Hamid Karzai, Rudy Giuliani and Sharon Spann could not be found in the gallery of the U.S. House of Representatives. There were no strategically-placed heroes in the wings of Congress, yesterday evening. The focus was squarely and solidly placed upon the president.

Paul Wong

On a day that saw the reelection of Ariel Sharon as prime minister of Israel, the largest battle in Afghanistan since March and the continuing saga taking place at the World Economic Forum in Davos, Switzerland, the beginning of President Bush’s State of the Union was strangely out-of-place. Drug addiction, mentoring programs, human cloning and partial birth abortion. You could almost see William Kristol and the rest of the neocons yawning and turning off their TV sets, as Bush slogged through his domestic agenda. The assaults on trial lawyers and the bitter memories of ClintonCare were a tedious prelude to next year’s presidential election.
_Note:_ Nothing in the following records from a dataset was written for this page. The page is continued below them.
(* Let $K$ be a field and $L$ a $K$-space carrying an algebra $(L,\nabla,\eta)$ and a coalgebra $(L,\Delta,\epsilon)$ such that $\epsilon\circ\eta=\mathrm{id}_K$ and $\Delta\circ\eta=\eta\otimes\eta$. Let $1_L=\eta(1_K)$, $H=\mathrm{Hom}_K(L,L)$, $\underline H=\mathrm{Hom}_K(L\otimes L,L\otimes L)$, $H_1=\{f\in H\mid f(1_L)=1_L\}$, $\underline H_1=\{F\in\underline H\mid F(1_L\otimes1_L)=1_L\otimes1_L\}$, and let $s:\underline H\to H\otimes H$ be the split map $s(F)=F_1\otimes F_2$ with $F_1(x)=(\mathrm{id}_L\otimes\epsilon)(F(x\otimes1_L))$, $F_2(x)=(\epsilon\otimes\mathrm{id}_L)(F(1_L\otimes x))$. Then for every $f\in H_1$, $\Delta\circ f\circ\nabla\in\underline H_1$ and $s(\Delta\circ f\circ\nabla)=f\otimes f$. Moreover, for any linearly independent set $\mathcal B\subseteq H_1$ with span $H_{\mathcal B}$, defining $\Delta_{\mathcal B}(\sum_b x_b b)=\sum_b x_b\,b\otimes b$ and $\epsilon_{\mathcal B}(f)=\epsilon(f(1_L))$, $(H_{\mathcal B},\Delta_{\mathcal B},\epsilon_{\mathcal B})$ is a coalgebra.
   Context: The identifications $L\otimes K\cong L\cong K\otimes L$ are used in the definitions of $F_1,F_2$. *)

From HB Require Import structures.
From mathcomp Require Import all_boot all_algebra.
From mathcomp Require Import boolp classical_sets functions.
From Stdlib Require Import ClassicalEpsilon.


Import GRing.Theory.
Local Open Scope ring_scope.

(* Tensor products of K-vector spaces, given by their universal property.   *)
Record tensor_product {K : fieldType} (V W : lmodType K) := TensorProduct {
  tp_space : lmodType K;
  tp_mul : V -> W -> tp_space;
  tp_mul_linl : forall w, linear (fun v => tp_mul v w);
  tp_mul_linr : forall v, linear (tp_mul v);
  tp_universal : forall (U : lmodType K) (g : V -> W -> U),
    (forall w, linear (fun v => g v w)) -> (forall v, linear (g v)) ->
    exists! h : tp_space -> U, linear h /\ (forall v w, h (tp_mul v w) = g v w)
}.
Coercion tp_space : tensor_product >-> lmodType.
Arguments tp_space {K V W} t.
Arguments tp_mul {K V W} t _ _.

Definition tlift {K : fieldType} {V W : lmodType K} (T : tensor_product V W)
    {U : lmodType K} (g : V -> W -> U) : T -> U :=
  epsilon (inhabits (fun _ => 0))
    (fun h : T -> U => linear h /\ (forall v w, h (tp_mul T v w) = g v w)).

Definition tmap {K : fieldType} {V W V' W' : lmodType K}
    (T : tensor_product V W) (T' : tensor_product V' W')
    (f : V -> V') (g : W -> W') : T -> T' :=
  tlift T (fun v w => tp_mul T' (f v) (g w)).

Definition tassoc {K : fieldType} {U V W : lmodType K}
    {T : tensor_product U V} (Tl : tensor_product T W)
    {T' : tensor_product V W} (Tr : tensor_product U T') : Tl -> Tr :=
  epsilon (inhabits (fun _ => 0))
    (fun h : Tl -> Tr => linear h /\
       (forall u v w, h (tp_mul Tl (tp_mul T u v) w) = tp_mul Tr u (tp_mul T' v w))).

(* Algebras and coalgebras over K (K (x) A and A (x) K identified with A).  *)
Definition is_algebra {K : fieldType} {A : lmodType K}
    {T : tensor_product A A} (Tl : tensor_product T A) (Tr : tensor_product A T)
    (m : T -> A) (u : K -> A) : Prop :=
  [/\ linear m, linear (u : K^o -> A),
      (forall t : Tl, m (tmap Tl T m id t) = m (tmap Tr T id m (tassoc Tl Tr t))),
      (forall k x, m (tp_mul T (u k) x) = k *: x) &
      (forall k x, m (tp_mul T x (u k)) = k *: x)].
But just a shade before 9:35 p.m., the speech underwent a tectonic shift.

The turning point was Bush’s introduction of a $1.2 billion initiative to promote the development of hydrogen-powered vehicles. Although Bush’s similarities to former President Bill Clinton appear nonexistent (and neither man would be comfortable acknowledging any shared qualities), this proposal exemplified classic Clintonism. Bush triangulated the Democrats, arguing to the American public that he supports dramatic plans to increase energy efficiency and wean the United States off its reliance on foreign petroleum. And while the $1.2 billion is far from the “Manhattan Project” for new fuel technologies envisioned by New York Times columnist Thomas Friedman and then-House Minority Leader Richard Gephardt (D-Mo.), Bush now has the high ground with the electorate.

From here Bush built-up to the international sphere. The most serious mistake of last year’s speech, David Frum’s ill-fated phrase “Axis of Evil” was jettisoned. Bush articulated the essential dichotomy between the rulers of Iran, North Korea and Iraq and the ruled of Iran, North Korea and Iraq. The moral and humanitarian arguments for intervention, which were unnecessarily lost in last year’s State of the Union were the centerpiece of this year’s address.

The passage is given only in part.